TASK TO CARRY OUT: Here is the task for the records below: repeat exactly the lines from the one with "(X : set T)" to the one with "move=> coverY; rewrite", both included, and nothing else.
══════════════════════════════
(* Consider the (unscaled) HILT model on $N$ nodes with weight $\gamma=\Gamma/(N-1)$, $\Gamma\in(0,1]$, and i.i.d. thresholds $\Theta_1,\dots,\Theta_N$ with continuous c.d.f. $F$ satisfying $F(0)=0$. Let $\mathcal A(0)$ be a fixed nonempty initial set of destinations, $\mathcal D(0)=\mathcal A(0)$, $\mathcal B(0)=\emptyset$, and for $k\ge0$ let $\mathcal A(k+1)=\mathcal A(k)\cup\{i\notin\mathcal A(k):\gamma|\mathcal A(k)|\ge\Theta_i\}$, $\mathcal D(k+1)=\mathcal A(k+1)\setminus\mathcal A(k)$, $\mathcal B(k+1)=\mathcal A(k)$. Let $B(k)=|\mathcal B(k)|$, $D(k)=|\mathcal D(k)|$. Then $(B(k),D(k))_{k\ge0}$ is a discrete-time Markov chain: $B(k+1)=B(k)+D(k)$, and for every $k\ge0$ and every history with positive probability ending in $(B(k),D(k))=(j,m)$ with $F(\gamma j)<1$, $$\mathbb{P}\big(D(k+1)=\ell\,\big|\,(B(0),D(0)),\dots,(B(k),D(k))\big)=\binom{N-j-m}{\ell}p^\ell(1-p)^{N-j-m-\ell},\quad p=\frac{F(\gamma(j+m))-F(\gamma j)}{1-F(\gamma j)}.$$ *)

From HB Require Import structures.
From mathcomp Require Import all_boot all_order all_algebra.
From mathcomp Require Import all_classical all_reals all_analysis.
Set Implicit Arguments. Unset Strict Implicit. Unset Printing Implicit Defensive.
Import Order.TTheory GRing.Theory Num.Theory.
Import numFieldNormedType.Exports.
Local Open Scope classical_set_scope.
Local Open Scope ring_scope.

Section HILT.
Context {d : measure_display} {T : measurableType d} {R : realType}.

Definition mutually_independent (P : probability T R) (I : finType)
  (X : I -> T -> R) : Prop :=
  forall (S : {set I}) (Bs : I -> set R),
    (forall i, measurable (Bs i)) ->
    P (\bigcap_(i in [set i | i \in S]) (X i @^-1` Bs i)) =
    (\prod_(i in S) P (X i @^-1` Bs i))%E.

Definition cond_prob (P : probability T R) (E H : set T) : R :=
  fine (P (E `&` H)) / fine (P H).

Variables (N : nat) (gamma : R) (Theta : 'I_N -> T -> R) (A0 : {set 'I_N}).

Fixpoint Aset (k : nat) (w : T) : {set 'I_N} :=
  match k with
  | 0 => A0
  | k'.+1 => let a := Aset k' w in
      a :|: [set i | (i \notin a) && (Theta i w <= gamma * (#|a|%:R))]
  end.

Definition Bset (k : nat) (w : T) : {set 'I_N} :=
  match k with 0 => finset.set0 | k'.+1 => Aset k' w end.

Definition Dset (k : nat) (w : T) : {set 'I_N} :=
  match k with 0 => A0 | k'.+1 => Aset k'.+1 w :\: Aset k' w end.

Definition Bcard (k : nat) (w : T) : nat := #|Bset k w|.
Definition Dcard (k : nat) (w : T) : nat := #|Dset k w|.

Definition history_event (k : nat) (h : nat -> nat * nat) : set T :=
  [set w | forall i, (i <= k)%N -> (Bcard i w, Dcard i w) = h i].

End HILT.

From HB Require Import structures.
From mathcomp Require Import all_boot all_order all_algebra.
From mathcomp Require Import all_classical all_reals all_analysis.
From mathcomp Require Import ring.
Set Implicit Arguments. Unset Strict Implicit. Unset Printing Implicit Defensive.
Import Order.TTheory GRing.Theory Num.Theory.
Import numFieldNormedType.Exports.
Local Open Scope classical_set_scope.
Local Open Scope ring_scope.

(* Fix the whole path A(0), ..., A(k).  The event that the process follows it is
   a product over nodes of conditions on their own thresholds, so by independence
   the thresholds stay independent given the path.  A node outside A(k) has been
   passed over at every level up to gamma B(k), i.e. its threshold exceeds
   gamma j, and it joins at step k+1 iff its threshold is at most gamma (j+m);
   so D(k+1) is binomial with N-j-m trials and success probability p.  This law
   depends on the path only through (j, m), hence it survives summation over the
   paths compatible with the observed history of (B, D). *)

Section FinitePartition.
Context {d : measure_display} {T : measurableType d} {R : realType}.

Lemma cover_bigsetU {I : finType} {Y : I -> set T} (X : set T) :
  (forall w, exists i, Y i w) -> X = \big[setU/set0]_(i <- enum I) (X `&` Y i).
Proof.
move=> coverY; rewrite -bigcup_seq; apply/seteqP; split=> [w Xw | w [i _ []] //].
by have [i Yi] := coverY w; exists i; rewrite //= mem_enum.
Qed.

Lemma measurable_partition {I : finType} {Y : I -> set T} {X : set T} :
  (forall w, exists i, Y i w) -> (forall i, measurable (X `&` Y i)) -> measurable X.
Proof.
by move=> coverY mXY; rewrite (cover_bigsetU X coverY); apply: bigsetU_measurable.
Qed.

Variable P : probability T R.

Lemma measure_big_setU_seq (I : choiceType) (s : seq I) (Z : I -> set T) :
  uniq s -> (forall i, measurable (Z i)) ->
  (forall i j, i != j -> Z i `&` Z j = set0) ->
  P (\big[setU/set0]_(i <- s) Z i) = (\sum_(i <- s) P (Z i))%E.
Proof.
move=> + mZ disjZ; elim: s => [|i s IHs] /=; first by rewrite !big_nil measure0.
case/andP=> is_ s_uniq; rewrite !big_cons measureU //.
- by congr (_ + _)%E; apply: IHs.
- by apply: bigsetU_measurable.
- rewrite -bigcup_seq; apply/seteqP; split=> // w [Zi [j /= js Zj]].
  have ij : i != j by apply: contraNneq is_ => ->.
  by have /seteqP[/(_ w) + _] := disjZ _ _ ij; apply.
Qed.

Lemma measure_partition {I : finType} {Y : I -> set T} {X : set T} :
  (forall i j, i != j -> Y i `&` Y j = set0) -> (forall w, exists i, Y i w) ->
  (forall i, measurable (X `&` Y i)) ->
  P X = (\sum_i P (X `&` Y i))%E.
Proof.
move=> disjY coverY mXY.
rewrite {1}(cover_bigsetU X coverY) measure_big_setU_seq ?enum_uniq ?big_enum //.
by move=> i j ij; rewrite setIACA -setIA (disjY _ _ ij) !setI0.
Qed.

Lemma cond_prob_partition (I : finType) (Y : I -> set T) (E H : set T) (c : R) :
  (forall i j, i != j -> Y i `&` Y j = set0) -> (forall w, exists i, Y i w) ->
  (forall i, measurable (H `&` Y i)) -> (forall i, measurable (E `&` H `&` Y i)) ->
  (forall i, P (E `&` H `&` Y i) = (c%:E * P (H `&` Y i))%E) ->
  (0 < P H)%E -> cond_prob P E H = c.
Proof.
move=> disjY coverY mHY mEHY EHY PH_gt0.
have PEHE := measure_partition disjY coverY mEHY.
have PHE := measure_partition disjY coverY mHY.
have mH := measurable_partition coverY mHY.
have PH_fin : P H \is a fin_num by rewrite fin_num_measure.
rewrite /cond_prob PEHE; under eq_bigr do rewrite EHY.
rewrite -ge0_sume_distrr -?PHE //.
by rewrite fineM // mulfK // gt_eqF // -lte_fin fineK.
Qed.

End FinitePartition.

Section IndependentBoxes.
Context {d : measure_display} {T : measurableType d} {R : realType}.
Variables (P : probability T R) (I : finType) (X : I -> T -> R).
Hypothesis mX : forall i, measurable_fun setT (X i).
Hypothesis indepX : mutually_independent P X.

Definition box (U : I -> set R) : set T := [set w | forall i, U i (X i w)].

Lemma measurable_preimage i {U : set R} : measurable U -> measurable (X i @^-1` U).
Proof. by move=> mU; rewrite -[X i @^-1` U]setTI; apply: mX. Qed.

Lemma boxE U : box U = \bigcap_(i in [set i | i \in [set: I]%SET]) (X i @^-1` U i).
Proof. by apply/seteqP; split=> [w Uw i _ | w Uw i]; [|apply: Uw; rewrite /= inE]. Qed.

Lemma measurable_box U : (forall i, measurable (U i)) -> measurable (box U).
Proof.
move=> mU; rewrite boxE; apply: fin_bigcap_measurable; first exact: finite_finset.
by move=> i _; apply: measurable_preimage.
Qed.

Lemma prob_box U : (forall i, measurable (U i)) ->
  fine (P (box U)) = \prod_i fine (P (X i @^-1` U i)).
Proof.
move=> mU; have PE i : P (X i @^-1` U i) = (fine (P (X i @^-1` U i)))%:E.
  by rewrite fineK // fin_num_measure //; apply: measurable_preimage.
rewrite boxE indepX // (eq_bigr _ (fun i _ => PE i)) prodEFin /=.
by apply: eq_bigl => i; rewrite inE.
Qed.

Lemma prob_preimage_split i (U V : set R) : measurable U -> measurable V ->
  fine (P (X i @^-1` U)) =
  fine (P (X i @^-1` (U `&` V))) + fine (P (X i @^-1` (U `&` ~` V))).
Proof.
move=> mU mV.
have mXU := measurable_preimage i mU; have mXV := measurable_preimage i mV.
rewrite (measureDI P mXU mXV) fineD ?fin_num_measure //.
- by rewrite addrC setDE !preimage_setI preimage_setC.
- exact: measurableD.
- exact: measurableI.
Qed.

End IndependentBoxes.

Lemma binomial_pmfE {R : realType} n (p : R) l :
  binomial_pmf n p l = 'C(n, l)%:R * p ^+ l * (1 - p) ^+ (n - l).
Proof. by rewrite /binomial_pmf -mulr_natl mulrA. Qed.

Section BinomialCount.
Context {d : measure_display} {T : measurableType d} {R : realType}.
Variables (P : probability T R) (I : finType) (X : I -> T -> R).
Hypothesis mX : forall i, measurable_fun setT (X i).
Hypothesis indepX : mutually_independent P X.
Variables (U : I -> set R) (V : set R) (C : {set I}) (p q : R) (l : nat).
Hypothesis mU : forall i, measurable (U i).
Hypothesis mV : measurable V.
Hypothesis probUV : forall i, i \in C -> fine (P (X i @^-1` (U i `&` V))) = p * q.
Hypothesis probUnV : forall i, i \in C -> fine (P (X i @^-1` (U i `&` ~` V))) = (1 - p) * q.

Let hits w : {set I} := [set i in C | X i w \in V].

Let boxS (S : {set I}) i : set R :=
  if i \in S then U i `&` V else if i \in C then U i `&` ~` V else U i.

Let outside := \prod_(i in ~: C) fine (P (X i @^-1` U i)).

Let measurable_boxS S i : measurable (boxS S i).
Proof.
rewrite /boxS; case: ifP => _; [|case: ifP => _] => //; apply: measurableI => //.
exact: measurableC.
Qed.

Let hits_boxS (S : {set I}) w : S \subset C -> box X (boxS S) w -> hits w = S.
Proof.
move=> SC Sw; apply/setP => i; rewrite inE; have := Sw i; rewrite /boxS.
case: ifP => iS; first by case=> _ Vi; rewrite (fintype.subsetP SC) //= mem_set.
by case: ifP => //= _ [_ nVi]; rewrite memNset.
Qed.

Let boxS_sub (S : {set I}) : box X (boxS S) `<=` box X U.
Proof.
move=> w Sw i; have := Sw i; rewrite /boxS.
by case: ifP => _; [case | case: ifP => _ //; case].
Qed.

Let box_hitsE (S : {set I}) :
  box X U `&` [set w | #|hits w| = l] `&` [set w | hits w = S] =
  if (S \subset C) && (#|S| == l) then box X (boxS S) else set0.
Proof.
case: ifP => [/andP[SC /eqP Sl] | Sbad]; apply/seteqP; split=> w //.
- move=> [[Uw _] <-] i; rewrite /boxS inE; have := Uw i.
  case: (boolP (i \in C)) => iC; case: (boolP (X i w \in V)) => Vi Ui //=.
    by split=> //; apply: set_mem.
  by split=> // /mem_set; apply/negP.
- move=> Sw; have hitsS := hits_boxS SC Sw.
  by split; [split; [exact: boxS_sub | rewrite /= hitsS] | ].
- move=> [[_ hits_l] hitsS]; move: Sbad; rewrite -hitsS hits_l eqxx andbT.
  suff -> : hits w \subset C by [].
  by apply/fintype.subsetP => i; rewrite inE => /andP[].
Qed.

Let prob_boxS (S : {set I}) : S \subset C ->
  fine (P (box X (boxS S))) = (p * q) ^+ #|S| * ((1 - p) * q) ^+ (#|C| - #|S|) * outside.
Proof.
move=> SC; rewrite prob_box // (bigID (mem C)) /= (big_setID S) /= (finset.setIidPr SC).
congr (_ * _ * _).
- rewrite -prodr_const; apply: eq_bigr => i iS.
  by rewrite /boxS iS probUV // (fintype.subsetP SC).
- have -> : (#|C| - #|S|)%N = #|C :\: S| by rewrite cardsD (finset.setIidPr SC).
  rewrite -prodr_const; apply: eq_bigr => i; rewrite inE => /andP[iNS iC].
  by rewrite /boxS (negbTE iNS) iC probUnV.
- rewrite /outside; apply: eq_big => [i | i iNC]; first by rewrite inE.
  suff iNS : i \notin S by rewrite /boxS (negbTE iNS) (negbTE iNC).
  by apply: contra iNC; apply: (fintype.subsetP SC).
Qed.

Let prob_boxU : fine (P (box X U)) = q ^+ #|C| * outside.
Proof.
rewrite prob_box // (bigID (mem C)) /= -prodr_const; congr (_ * _).
  apply: eq_bigr => i iC; rewrite (prob_preimage_split P mX i (mU i) mV).
  by rewrite probUV // probUnV // -mulrDl addrC subrK mul1r.
by rewrite /outside; apply: eq_bigl => i; rewrite inE.
Qed.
══════════════════════════════
EXERCISE ANSWER:
Lemma cover_bigsetU {I : finType} {Y : I -> set T} (X : set T) :
  (forall w, exists i, Y i w) -> X = \big[setU/set0]_(i <- enum I) (X `&` Y i).
Proof.
move=> coverY; rewrite -bigcup_seq; apply/seteqP; split=> [w Xw | w [i _ []] //].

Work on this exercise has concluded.